Of course, the alumni of Paypal, the Paypal Mafia, serve as the most prominent contemporary example of this phenomenon.
These guys (yes, they were all dudes) built many of the household names in Silicon Valley today. Included in this group are the founders of: Tesla and Space X (Elon Musk), LinkedIn (Reid Hoffman), YouTube (Steve Chen), Yelp (Russell Simmons and Jeremy Stoppelman) and many others (such as Peter Thiel’s Palantir). Additionally, these people went on to finance many other technology companies in their roles as VCs (almost all of Founders Fund, Roelof Botha @ Sequoia and the extremely underrated David Sacks @ Craft Ventures).
Now, this may all seem a bit hyperbolic when speaking of the departure of four executives from a young albeit fast-growing neo-bank in Berlin. However, it is not just these four members of the leadership team who are leaving to start their own ventures. Having struck up a friendship during the summer with a former PM at N26 who left a few weeks after I met him to build something in the wellness/productivity space, I wondered if there were more like him. It turns out that my hypothesis was confirmed to a truly unexpected degree.
In an internal document I prepared for the team at Project A Ventures, I identified over 10 such people who held PM or similar roles who had left N26 in the past 9 months or so. A clear majority of these folks have now transitioned to being founders themselves, working on exciting projects in the German capital.
In my view, this is a fantastic development for the Berlin ecosystem. While in my first investor role here in Germany, I rather quickly realized that a large portion of the entrepreneurs who receive funding from the “top” VCs come from consulting backgrounds.
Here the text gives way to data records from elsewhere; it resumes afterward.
Lemma Xi_full_exponents d : Xi n d = Xi n (prod_pow_set (full_exponents d)).
Proof.
apply: eq_in_filter => i; rewrite mem_iota add0n => /andP[_ ik].
have := mem_Xi_prod_pow_set (full_exponents d) (Ordinal ik).
by rewrite mem_Xi ik inE.
Qed.

Lemma full_exponents_proper d : d \in Uset n -> full_exponents d \in proper_sets.
Proof.
rewrite mem_Uset => /and3P[dn /andP[_ d_lt] d_ness]; rewrite inE; apply/andP; split.
  move: d_ness; rewrite essentialbE // negb_forall => /existsP[j d_j].
  by apply/set0Pn; exists j; rewrite inE; apply/negPn.
apply: contraTneq d_lt => d_full; rewrite -leqNgt.
suff /eqP -> : d == n by [].
rewrite eqn_dvdn_logn //; apply/forallP => j.
have : j \in full_exponents d by rewrite d_full inE.
by rewrite inE.
Qed.

Lemma size_VG_leq_Uset : size (VG n) <= size (Uset n).
Proof.
apply: uniq_leq_size => [|d].
  rewrite VGE map_inj_uniq ?enum_uniq // => A B AB.
  by apply: Xi_prod_pow_set_inj; rewrite /= AB.
by rewrite VGE => /mapP[A]; rewrite mem_enum => A_proper ->; apply: prod_pow_set_Uset.
Qed.

End Exponents.

Local Open Scope ring_scope.

Lemma det_scalar_sub_mulmxC (R : comNzRingType) (p q : nat)
    (A : 'M[R]_(p, q)) (B : 'M[R]_(q, p)) (x : R) :
  x ^+ q * \det (x%:M - A *m B) = x ^+ p * \det (x%:M - B *m A).
Proof.
set Q := block_mx (x%:M : 'M_p) A B (1%:M : 'M_q).
have eqA : block_mx 1%:M (- A) 0 x%:M *m Q = block_mx (x%:M - A *m B) 0 (x *: B) x%:M.
  rewrite mulmx_block !mul1mx !mul0mx !add0r !mulNmx !mulmx1 subrr.
  by rewrite mul_scalar_mx.
have eqB : block_mx 1%:M 0 (- B) x%:M *m Q = block_mx x%:M A 0 (x%:M - B *m A).
  rewrite mulmx_block !mul1mx !mul0mx !addr0 !mulNmx mulmx1 mul_scalar_mx.
  by rewrite mul_mx_scalar addNr addrC.
have := congr1 determinant eqA; have := congr1 determinant eqB.
by rewrite !det_mulmx !det_ublock !det_lblock !det_scalar => <- ->; rewrite mulrC.
Qed.

Lemma char_poly_mulmxC (R : comNzRingType) (p q : nat)
    (A : 'M[R]_(p, q)) (B : 'M[R]_(q, p)) :
  'X ^+ q * char_poly (A *m B) = 'X ^+ p * char_poly (B *m A).
Proof. by rewrite /char_poly /char_poly_mx !map_mxM; apply: det_scalar_sub_mulmxC. Qed.

Lemma char_poly_mulmxC_sq (R : idomainType) (p : nat) (A B : 'M[R]_p) :
  char_poly (A *m B) = char_poly (B *m A).
Proof.
apply: (@mulfI _ ('X ^+ p)); first by rewrite expf_neq0 ?polyX_eq0.
exact: char_poly_mulmxC.
Qed.

Section BlowUp.
Variables (R : comNzRingType) (N K : nat) (phi : 'I_N -> 'I_K).

Definition fiber_card (v : 'I_K) : nat := #|[pred a | phi a == v]|.

Definition incidence_mx : 'M[R]_(N, K) := \matrix_(a, v) (phi a == v)%:R.

Lemma mul_incidence_mx p (X : 'M[R]_(K, p)) a j : (incidence_mx *m X) a j = X (phi a) j.
Proof.
rewrite !mxE (bigD1 (phi a)) //= mxE eqxx mul1r big1 ?addr0 // => v /negbTE nv.
by rewrite mxE eq_sym nv mul0r.
Qed.

Lemma mul_mx_incidence_tr p (X : 'M[R]_(p, K)) i b :
  (X *m incidence_mx^T) i b = X i (phi b).
Proof.
rewrite !mxE (bigD1 (phi b)) //= !mxE eqxx mulr1 big1 ?addr0 // => v /negbTE nv.
by rewrite !mxE eq_sym nv mulr0.
Qed.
While there is no doubt that former management consultants can and have built industry-disrupting startups (Sennder is a great example), the evidence from SF and elsewhere strongly suggests that the best founders emerge from roles in which they played a large role taking other tech concerns from zero to one.
I am extremely excited to see and potentially fund these great people who cut their teeth at Berlin’s most recent success story!
Sweetgreen Chasing that Sweet Green through Innovation
On In a Burger World, can Sweetgreen Scale Up? by Elizabeth G. Dunn
For my European friends who may not have heard of Sweetgreen, it is an LA-based restaurant chain selling salad bowls with a focus on sourcing local, sustainable ingredients. Valued at over $1.5 billion, it is the only restaurant unicorn. They largely cater to wealthier customers in the prosperous American metros (NY and LA are their biggest markets) and have 103 locations. The salad bowls cost between $12-$20.
On the food side of things, they innovated by developing “meal-like salads” that are characterized as a bit nostalgic and rather “un-saladish”. The author reports that their longest-running menu item is “chips and dip rendered healthful” in salad form.
The company posted revenue of $300 million for 2019, around $3 million per store.
In the next iteration of their product, called Sweetgreen 3.0, the team plans on building a sophisticated network of ghost kitchens to facilitate delivery service that will offer a wider array of dishes and meals. Per the article, they are testing sandwiches and are developing a hot bar of dinner items (Sweetgreen is mostly thought of as a lunch place for urban office workers) sold as single portions or bundled to feed a family of four. Moving to selling family meals seems like a great move, though it could be difficult to convince the middle class mother to pay ~$100 for family dinner.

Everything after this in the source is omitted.